Therapeutic Substitution of Low-Dose OCs
Public Health Concerns

Rudi Ansbacher, MD; Mitchell D. Creinin, MD; John M. Thorpe, Jr, MD;
Thomas E. Nolan, MD, MBA; Ian H. Thorneycroft, MD, PhD

Low-dose oral contraceptives (OCs) have been growing in popularity because of their more favorable side-effect and long-term risk profiles (when compared with higher-dose OCs). However, some physicians have expressed concern that differences in hormone bioavailability between brand-name OCs and their “therapeutically equivalent” generic counterparts may increase rates of breakthrough bleeding (BB) and compromise contraceptive efficacy. BB is the most common reason cited for discontinuing OC use among US women.¹ Because many of these women switch to a less effective birth-control method or stop using any method after OC cessation, BB may indirectly contribute to a higher rate of unintended pregnancy. Thus, substituting a therapeutically equivalent generic OC for a brand-name OC may save money in the short run but could be more costly in the long run.

The availability of therapeutically equivalent generic drugs of all types has increased dramatically since 1984. All 50 states permit or require pharmacists to substitute such products for brand-name drugs whenever possible.² However, substituting generic low-dose OCs for brand-name products may have major clinical and economic consequences. This is especially true when OCs containing 20 mg of ethinyl estradiol (EE), the lowest estrogen dose available in OC combinations in the United States, are prescribed. More than a decade ago, it was suggested that OCs should be placed in the “critical drug” category, in which generic substitution and interchangeability of products are not advised.^2,3

ALLOWABLE VARIATIONS

The US Food and Drug Administration (FDA) requires that so-called therapeutically equivalent generic drugs be tested for bioequivalence, but not for efficacy or safety, before they are approved.⁴ This raises three concerns about allowable variations:

• Typical studies measuring bioequivalence enroll only 20 to 25 subjects, which does not constitute a representative sample.

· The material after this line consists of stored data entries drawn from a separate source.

(* Let $W$ be a matrix weight. For all $J\in\mathcal{D}$ and $1\le j\le d$, \[ \|W(J_-)^{1/2}h_J^{W,j}(J_-)\|_{\mathbb{C}^d}\le C(d),\qquad \|W(J_+)^{1/2}h_J^{W,j}(J_+)\|_{\mathbb{C}^d}\le C(d), \] where $C(d)$ depends only on $d$ and $h_J^{W,j}(J_\pm)$ denotes the constant value of $h_J^{W,j}$ on $J_\pm$.
   Context: A matrix weight is a $d\times d$ matrix-valued function on $\mathbb{R}$, positive definite a.e., with locally integrable entries. $\mathcal{D}$ is the standard dyadic grid, $J_\pm$ the right/left halves of $J$, $W(J)=\int_JW$. For $J\in\mathcal{D}$ let $v_J^1,\dots,v_J^d$ be an orthonormal eigenbasis of the positive definite matrix $W(J)W(J_+)^{-1}W(J_-)=W(J_-)W(J_+)^{-1}W(J_-)+W(J_-)$, $w_J^j=\|(W(J)W(J_+)^{-1}W(J_-))^{1/2}v_J^j\|$, and $h_J^{W,j}=(w_J^j)^{-1}\big(W(J_+)^{-1}W(J_-)v_J^j\mathbf{1}_{J_+}-v_J^j\mathbf{1}_{J_-}\big)$. *)

(* Complex scalars: an arbitrary numClosedFieldType F
   (C-like: algebraically closed, with conjugation and order on reals). *)
From HB Require Import structures.
From mathcomp Require Import all_boot all_order all_algebra.
Set Implicit Arguments. Unset Strict Implicit. Unset Printing Implicit Defensive.
Import Order.TTheory GRing.Theory Num.Theory.
Local Open Scope ring_scope.
Local Open Scope sesquilinear_scope.

Section Defs.
Variables (F : numClosedFieldType) (d : nat).

Definition adj {m n} (A : 'M[F]_(m, n)) : 'M[F]_(n, m) := A ^t* .

Definition posdef (A : 'M[F]_d) : Prop :=
  A \is hermsymmx /\ forall x : 'cV[F]_d, x != 0 -> 0 < (adj x *m A *m x) 0 0.
Definition possemidef (A : 'M[F]_d) : Prop :=
  A \is hermsymmx /\ forall x : 'cV[F]_d, 0 <= (adj x *m A *m x) 0 0.

Definition is_sqrtm (S A : 'M[F]_d) : Prop := possemidef S /\ S *m S = A.

Definition vnorm (x : 'cV[F]_d) : F := sqrtC (\sum_i `|x i 0| ^+ 2).
Definition inner (u v : 'cV[F]_d) : F := (adj u *m v) 0 0.

(* Dyadic intervals: (n, k) stands for J = [k 2^-n, (k+1) 2^-n).
   Children: J_- = (n+1, 2k), J_+ = (n+1, 2k+1). *)
Definition dyad := (int * int)%type.
Definition dleft (J : dyad) : dyad := (J.1 + 1, 2 * J.2).
Definition dright (J : dyad) : dyad := (J.1 + 1, 2 * J.2 + 1).

(* A matrix weight seen through its integrals W(J) = \int_J W over dyadic
   intervals: positive definite, and additive: W(J) = W(J_-) + W(J_+). *)
Definition dyadic_weight (W : dyad -> 'M[F]_d) : Prop :=
  forall J, posdef (W J) /\ W J = W (dleft J) + W (dright J).

Definition Mmat (W : dyad -> 'M[F]_d) (J : dyad) : 'M[F]_d :=
  W J *m invmx (W (dright J)) *m W (dleft J).

Definition orthonormal_eigenbasis (M : 'M[F]_d) (v : 'I_d -> 'cV[F]_d) : Prop :=
  (forall i j, inner (v i) (v j) = (i == j)%:R) /\
  (forall j, exists lam : F, M *m v j = lam *: v j).

(* values of h_J^{W,j} on J_+ and on J_-, with w = w_J^j *)
Definition haar_plus (W : dyad -> 'M[F]_d) (J : dyad) (w : F) (vj : 'cV[F]_d) :=
  w^-1 *: (invmx (W (dright J)) *m W (dleft J) *m vj).
Definition haar_minus (w : F) (vj : 'cV[F]_d) : 'cV[F]_d := w^-1 *: (- vj).

End Defs.

From HB Require Import structures.
From mathcomp Require Import all_boot all_order all_algebra.
Import Order.TTheory GRing.Theory Num.Theory.
Local Open Scope ring_scope.

Set Implicit Arguments.
Unset Strict Implicit.

(* Write A = W(J_-), B = W(J_+), x = v_J^j and y = B^-1 A x.  Since
   W(J) = A + B, the quadratic form of W(J) B^-1 A at x splits as
   x^* A x + y^* B y, so w^2 = x^* A x + y^* B y.  Up to sign the two Haar
   values are x / w and y / w, whose squared weighted norms are therefore
   x^* A x / w^2 <= 1 and y^* B y / w^2 <= 1: the bound holds with C(d) = 1,
   for every vector x, eigenvector or not. *)

Section QuadraticForm.
Variables (F : numClosedFieldType) (d : nat).
Implicit Types (A B S : 'M[F]_d) (x : 'cV[F]_d).

Definition qform A x : F := (adj x *m A *m x) 0 0.

Lemma adjM m n p (A : 'M[F]_(m, n)) (B : 'M[F]_(n, p)) :
  adj (A *m B) = adj B *m adj A.
Proof. by rewrite /adj trmx_mul map_mxM. Qed.

Lemma adjK m n (A : 'M[F]_(m, n)) : adj (adj A) = A.
Proof. by apply/matrixP => i j; rewrite !mxE conjCK. Qed.

Lemma adjZ m n c (A : 'M[F]_(m, n)) : adj (c *: A) = c^* *: adj A.
Proof. by apply/matrixP => i j; rewrite !mxE rmorphM. Qed.

Lemma adjN m n (A : 'M[F]_(m, n)) : adj (- A) = - adj A.
Proof. by apply/matrixP => i j; rewrite !mxE rmorphN. Qed.

Lemma hermsymmx_adj A : A \is hermsymmx -> adj A = A.
Proof. by move/is_hermitianmxP => {2}->; rewrite expr0 scale1r. Qed.

Lemma qformZ A c x : qform A (c *: x) = `|c| ^+ 2 * qform A x.
Proof. by rewrite /qform adjZ -!scalemxAl -scalemxAr !mxE normCKC mulrA. Qed.

Lemma qformN A x : qform A (- x) = qform A x.
Proof. by rewrite /qform adjN mulNmx mulmxN mulNmx opprK. Qed.

Lemma vnorm_ge0 x : 0 <= vnorm x.
Proof. by rewrite sqrtC_ge0 sumr_ge0 // => i _; rewrite exprn_ge0. Qed.

Lemma vnorm_sqr x : vnorm x ^+ 2 = (adj x *m x) 0 0.
Proof.
by rewrite /vnorm sqrtCK !mxE; apply: eq_bigr => i _; rewrite !mxE normCK mulrC.
Qed.

Lemma sqrtm_vnorm_sqr S A x : is_sqrtm S A -> vnorm (S *m x) ^+ 2 = qform A x.
Proof.
by move=> [[S_herm _] <-]; rewrite vnorm_sqr adjM hermsymmx_adj // /qform !mulmxA.
Qed.

Lemma sqrtm_qform_ge0 S A x : is_sqrtm S A -> 0 <= qform A x.
Proof. by move=> sqrtS; rewrite -(sqrtm_vnorm_sqr x sqrtS) exprn_ge0 ?vnorm_ge0. Qed.

Lemma sqrtm_vnorm_scale_le1 S A x (w : F) : is_sqrtm S A ->
  0 <= w -> qform A x <= w ^+ 2 -> vnorm (S *m (w^-1 *: x)) <= 1.
Proof.
move=> sqrtS w_ge0 qx_le; rewrite -(expr_le1 (_ : 0 < 2)%N) ?vnorm_ge0 //.
rewrite (sqrtm_vnorm_sqr _ sqrtS) qformZ ger0_norm ?invr_ge0 // exprVn.
have [->|w_neq0] := eqVneq w 0; first by rewrite expr0n invr0 mul0r ler01.
by rewrite mulrC ler_pdivrMr ?exprn_gt0 ?lt_def ?w_neq0 // mul1r.
Qed.

Lemma posdef_unitmx B : posdef B -> B \in unitmx.
Proof.
move=> [_ B_pos]; rewrite unitmxE unitfE; apply/negP => /det0P [u u_neq0 uB].
have adju_neq0 : adj u != 0.
  apply: contra u_neq0 => /eqP adju0; rewrite -[u]adjK adju0.
  by apply/eqP/matrixP => i j; rewrite !mxE rmorph0.
by have := B_pos _ adju_neq0; rewrite adjK uB mul0mx mxE ltxx.
Qed.

(* Both sides equal x^* A x + x^* A B^-1 A x, using B y = A x. *)
Lemma qform_sum_invmx_mul A B x :
  A \is hermsymmx -> B \is hermsymmx -> B \in unitmx ->
  qform ((A + B) *m invmx B *m A) x = qform A x + qform B (invmx B *m A *m x).
Proof.
move=> A_herm B_herm B_unit; set y := invmx B *m A *m x.
have By : B *m y = A *m x by rewrite /y -mulmxA mulKVmx.
rewrite /qform -!mulmxA [invmx B *m _]mulmxA -/y mulmxDl By mulmxDr addrC mxE.
congr (_ + _ : F).
rewrite mulmxA -{1}(hermsymmx_adj A_herm) -adjM -By adjM.
by rewrite hermsymmx_adj // -mulmxA By.
Qed.

End QuadraticForm.

Theorem lemma2p3 :
  forall d : nat, exists C : nat,
  forall (F : numClosedFieldType) (W : dyad -> 'M[F]_d),
  dyadic_weight W ->
  forall (J : dyad) (v : 'I_d -> 'cV[F]_d),
  orthonormal_eigenbasis (Mmat W J) v ->
  forall (SM Sm Sp : 'M[F]_d),
  is_sqrtm SM (Mmat W J) ->
  is_sqrtm Sm (W (dleft J)) ->
  is_sqrtm Sp (W (dright J)) ->
  forall j : 'I_d,
  let w := vnorm (SM *m v j) in
  vnorm (Sm *m haar_minus w (v j)) <= C%:R /\
  vnorm (Sp *m haar_plus W J w (v j)) <= C%:R.
Proof.
move=> d; exists 1%N => F W W_weight J v _ SM Sm Sp sqrtM sqrtA sqrtB j w.
set A := W (dleft J); set B := W (dright J); set x := v j.
have [[A_herm _] _] := W_weight (dleft J).
have [[B_herm _] _] := W_weight (dright J).
have [_ WJ_split] := W_weight J.
have B_unit := posdef_unitmx (proj1 (W_weight (dright J))).
have w_sqr : w ^+ 2 = qform A x + qform B (invmx B *m A *m x).
  by rewrite (sqrtm_vnorm_sqr _ sqrtM) /Mmat WJ_split qform_sum_invmx_mul.
split.
- apply: (sqrtm_vnorm_scale_le1 sqrtA); first exact: vnorm_ge0.
  by rewrite qformN w_sqr lerDl (sqrtm_qform_ge0 _ sqrtB).
- apply: (sqrtm_vnorm_scale_le1 sqrtB); first exact: vnorm_ge0.
  by rewrite w_sqr lerDr (sqrtm_qform_ge0 _ sqrtA).
Qed.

• A generic drug is considered therapeutically equivalent to a brand-name drug—and therefore acceptable—if its mean extent of absorption, as measured by a bioequivalence study, differs by less than 20% from that of the brand-name drug.⁵

• The US Pharmacopeia has established an official standard allowing drugs to differ from their stated potency by up to 10%.⁵

Thus, the potency of brand-name OCs and their generic equivalents could differ by up to 28%. However, as mentioned above, the FDA does not mandate that these generic low-dose OCs be tested for contraceptive efficacy and BB profiles in large clinical trials. In fact, one study showed that BB was almost twice as great with an OC containing levonorgestrel 75 mg/EE 15 mg as with a formulation containing levonorgestrel 100 mg/EE 20 mg.^6,7

IMPLICATIONS

As mentioned above, BB is the most common adverse effect prompting OC discontinuation. Women who do not experience BB until their pharmacy switches them to a therapeutically equivalent low-dose generic OC may be particularly likely to stop using the Pill. Among women who discontinue OCs, 69% switch to a less effective method of contraception, and 19% use no method at all.¹ It has been estimated that more than 1 million unintended pregnancies in the United States per year are related to OC misuse or cessation with the latter accounting for 61%.⁸ Thus, if low-dose generic OCs are, in fact, linked to higher BB rates and higher OC cessation rates—resulting in a greater risk of unplanned pregnancy—then use of these agents instead of brand-name products may have serious implications.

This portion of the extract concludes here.